• Records provided:
Lemma chain_top_eig k u : (k < D)%N ->
  top_eigfun (commOp X c phi f k.+1 (c k.+1 u)) (chain u k).
Proof. by move=> kD; apply: top_eig; lia. Qed.

Lemma chain_L2 u j : (j < D)%N -> inL2 (chain u j).
Proof. by move=> jD; have [] := chain_top_eig j u jD. Qed.

Lemma resid_L2 {k w} (n : 'I_(N w)) : (k <= D)%N -> inL2 (resid X c phi k n).
Proof.
move=> kD; apply: inL2B => //; apply: inL2_sum => j _; apply/inL2Z/chain_L2.
by have := ltn_ord j; lia.
Qed.

Lemma Gam_L2 k w h : (k <= D)%N -> inL2 (Gam X c phi k w h).
Proof.
by move=> kD; apply/inL2Z/inL2_sum => n _; apply/inL2Z/resid_L2.
Qed.

Lemma resid_in_community {k w} (n : 'I_(N w)) {u} : (k < D)%N ->
  c k.+1 w = c k.+1 u ->
  resid X c phi k n =
  (fun t => X w n t - \sum_(j < k) ip (X w n) (chain u j) * chain u j t).
Proof.
move=> kD cwu; apply/funext => t; congr (_ - _); apply: eq_bigr => j _.
have jk := ltn_ord j.
by rewrite /chain (@community_nested k.+1 j.+1 w u) //; lia.
Qed.

(* The community operator of layer d maps into the span of the residuals of
   layer d-1 of its members, so its range is orthogonal to whatever all
   these residuals are orthogonal to. *)
Lemma commOp_orth d i h g : (1 <= d <= D)%N -> inL2 g ->
  (forall w (n : 'I_(N w)), c d w = i -> ip (resid X c phi d.-1 n) g = 0) ->
  ip (commOp X c phi f d i h) g = 0.
Proof.
move=> dD Lg resid_orth.
have dD' : (d.-1 <= D)%N by lia.
rewrite /commOp ip_suml //; last by move=> w _; exact/inL2Z/Gam_L2.
apply: big1 => w /eqP cwi; rewrite ipZl //; last exact: Gam_L2.
rewrite /Gam ipZl //; last by apply/inL2_sum => n _; apply/inL2Z/resid_L2.
rewrite ip_suml //; last by move=> n _; apply/inL2Z/resid_L2.
rewrite big1 ?mulr0 // => n _.
have Lr := resid_L2 n dD'.
by rewrite ipZl // resid_orth // mulr0.
Qed.

Lemma new_layer_orth k u j : (k < D)%N ->
  (forall w j j', (j < k)%N -> (j' < k)%N ->
     ip (chain w j) (chain w j') = if j == j' then 1 else 0) ->
  (j < k)%N -> ip (chain u j) (chain u k) = 0.
Proof.
move=> kD orth jk.
have [Lpsi [_ [lam [lam0 [eig _]]]]] := chain_top_eig k u kD.
have Lj : inL2 (chain u j) by apply: chain_L2; lia.
rewrite ipC; apply: (eigenfun_orth _ Lpsi Lj (lt0r_neq0 lam0) eig).
  by apply: inL2_sum => w _; exact/inL2Z/Gam_L2/ltnW.
apply: commOp_orth => // w n cwu.
rewrite (resid_in_community n kD cwu).
apply: proj_resid_orth => //; last exact: orth.
by move=> i ik; apply: chain_L2; lia.
Qed.

Lemma chain_orthonormal k : (k <= D)%N -> forall u j j', (j < k)%N -> (j' < k)%N ->
  ip (chain u j) (chain u j') = if j == j' then 1 else 0.
Proof.
elim: k => [|k IH] kD u j j' jk j'k; first by [].
have orth := IH (ltnW kD).
have [jk1|jk1] := ltnP j k; have [j'k1|j'k1] := ltnP j' k.
- exact: orth.
- have -> : j' = k by lia.
  by rewrite new_layer_orth // ifF //; apply/eqP; lia.
- have -> : j = k by lia.
  by rewrite ipC new_layer_orth // ifF //; apply/eqP; lia.
- have -> : j = k by lia.
  have -> : j' = k by lia.
  by rewrite eqxx; have [_ []] := chain_top_eig k u kD.
Qed.

End Layers.

Theorem proposition2 (R : realType) (G : nat) (N : 'I_G -> nat)
  (X : forall v : 'I_G, 'I_(N v) -> R -> R)
  (D : nat) (c : nat -> 'I_G -> nat) (f : nat -> 'I_G -> R)
  (phi : nat -> nat -> R -> R) :
  (0 < G)%N ->
  (forall v, 0 < N v)%N ->
  (forall v n, inL2 (X v n)) ->
  (0 < D)%N ->
  (* nested partitions: every community of layer d lies in one of layer d-1 *)
  (forall d v w, (2 <= d <= D)%N -> c d v = c d w -> c d.-1 v = c d.-1 w) ->
  (forall d v, (1 <= d <= D)%N -> 0 < f d.-1 v) ->
  (forall d v, (1 <= d <= D)%N ->
     top_eigfun (commOp X c phi f d (c d v)) (phi d (c d v))) ->
  forall v d d', (1 <= d <= D)%N -> (1 <= d' <= D)%N ->
    ip (phi d (c d v)) (phi d' (c d' v)) = (if d == d' then 1 else 0).
Proof.
move=> _ _ X_L2 _ nested _ top_eig v [|d] [|d'] // dD d'D.
have dD1 : (d < D)%N by lia.
have d'D1 : (d' < D)%N by lia.
rewrite eqSS; exact: (@chain_orthonormal R G N X D c f phi X_L2 nested top_eig
  D (leqnn D) v d d' dD1 d'D1).
Qed.
Lemma Kcompat_agree p q : Kcond_ok p -> Kcond_ok q ->
  Kagree (Kw p `&` Kw q) p q -> Kcompat lt p q.
Proof.
move=> /card_eqPle [pD Dp] /card_eqPle [qD _] [ea agree].
pose r i b := if pselect (Kw p i) then Kr p i b else Kr q i b.
exists (MkK (Kw p `|` Kw q) (Kalpha p) r); split; [|split; split=> /=].
- apply/card_eqPle; split; first exact: (card_le_setU_sq sqD d01 pD qD).
  by apply: card_le_trans Dp _; apply: subset_card_le => i; left.
- by move=> i; left.
- by right.
- by move=> i pi b _; rewrite /r; case: pselect.
- set Z := (X in card_lt X _); suff -> : Z = set0 by exact: card_lt_set0.
  by apply/seteqP; split=> // i [_ [b [nb [bp _]]]].
- by move=> i; right.
- by rewrite ea; right.
- move=> i qi b bq; rewrite /r; case: pselect => // pi.
  by rewrite agree // ea.
- set Z := (X in card_lt X _); suff -> : Z = set0 by exact: card_lt_set0.
  by apply/seteqP; split=> // i [_ [b [nb [bp _]]]]; apply: nb; rewrite -ea.
Qed.

Variable A : set (Kcond D L).
Hypothesis hA : Kantichain lt A.

Lemma Kw_card_le p : A p -> Kw p #<= [set: D].
Proof. by move/hA.1/card_eqPle => []. Qed.

Lemma Kantichain_eq p q : A p -> A q -> Kagree (Kw p `&` Kw q) p q -> p = q.
Proof.
move=> Ap Aq pq; apply: contrapT => npq.
exact: (hA.2 _ _ Ap Aq npq (Kcompat_agree (hA.1 _ Ap) (hA.1 _ Aq) pq)).
Qed.

(* [embD S] is injective on S when |S| <= delta, and junk otherwise; through
   it, the type of p on S (its height and its bits on S below it) is coded by
   an element of D * set (D * D). *)
Definition embD (S : set L) : L -> D := epsilon (inhabits (fun=> d0))
  (fun e => forall i j, S i -> S j -> e i = e j -> i = j).

Lemma embD_inj S : S #<= [set: D] ->
  forall i j, S i -> S j -> embD S i = embD S j -> i = j.
Proof.
move=> SD; apply: (epsilon_spec _
  (fun e : L -> D => forall i j, S i -> S j -> e i = e j -> i = j)).
by have [e [_ einj]] := card_le_exists_inj SD d0; exists e.
Qed.

Definition Ktype (S : set L) (p : Kcond D L) : D * set (D * D) :=
  (Kalpha p, [set z | exists2 i, S i &
                        [/\ embD S i = z.1, lt z.2 (Kalpha p) & Kr p i z.2]]).

Lemma KtypeP S p i b : S #<= [set: D] -> S i -> lt b (Kalpha p) ->
  (Ktype S p).2 (embD S i, b) <-> Kr p i b.
Proof.
move=> SD Si bp; split; last by move=> pib; exists i.
by case=> j Sj [/(embD_inj SD Sj Si) ->].
Qed.

Lemma Kagree_Ktype S p q : S #<= [set: D] -> Ktype S p = Ktype S q -> Kagree S p q.
Proof.
move=> SD e; have ea : Kalpha p = Kalpha q := congr1 fst e.
have e2 := congr1 snd e; split=> // i Si b bp; have bq : lt b (Kalpha q) by rewrite -ea.
apply/idP/idP => pib.
  by apply/(KtypeP SD Si bq); rewrite -e2; apply/(KtypeP SD Si bp).
by apply/(KtypeP SD Si bp); rewrite e2; apply/(KtypeP SD Si bq).
Qed.

Lemma card_Ktypes : [set: D * set (D * D)] #<= [set: set D].
Proof.
rewrite -setXTT; exact: (card_le_setX_sq set0 sqP DP (card_le_powerset_square sqD)).
Qed.

Definition Krep (S : set L) (c : D * set (D * D)) :=
  epsilon (inhabits (MkK set0 d0 (fun _ _ => false)))
    (fun p => [/\ A p, S `<=` Kw p & Ktype S p = c]).

Lemma Krep_spec S q : A q -> S `<=` Kw q ->
  let p := Krep S (Ktype S q) in [/\ A p, S `<=` Kw p & Ktype S p = Ktype S q].
Proof.
move=> Aq Sq; apply: (epsilon_spec _
  (fun p => [/\ A p, S `<=` Kw p & Ktype S p = Ktype S q])).
by exists q.
Qed.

• Your goal: Give again, word for word, every line of the listing above from the one with "move=> SD e;" to the one with "by apply/(KtypeP SD Si bq);", both inclusive, and nothing beyond them.

• Answer for this exercise:
move=> SD e; have ea : Kalpha p = Kalpha q := congr1 fst e.
have e2 := congr1 snd e; split=> // i Si b bp; have bq : lt b (Kalpha q) by rewrite -ea.
apply/idP/idP => pib.
  by apply/(KtypeP SD Si bq); rewrite -e2; apply/(KtypeP SD Si bp).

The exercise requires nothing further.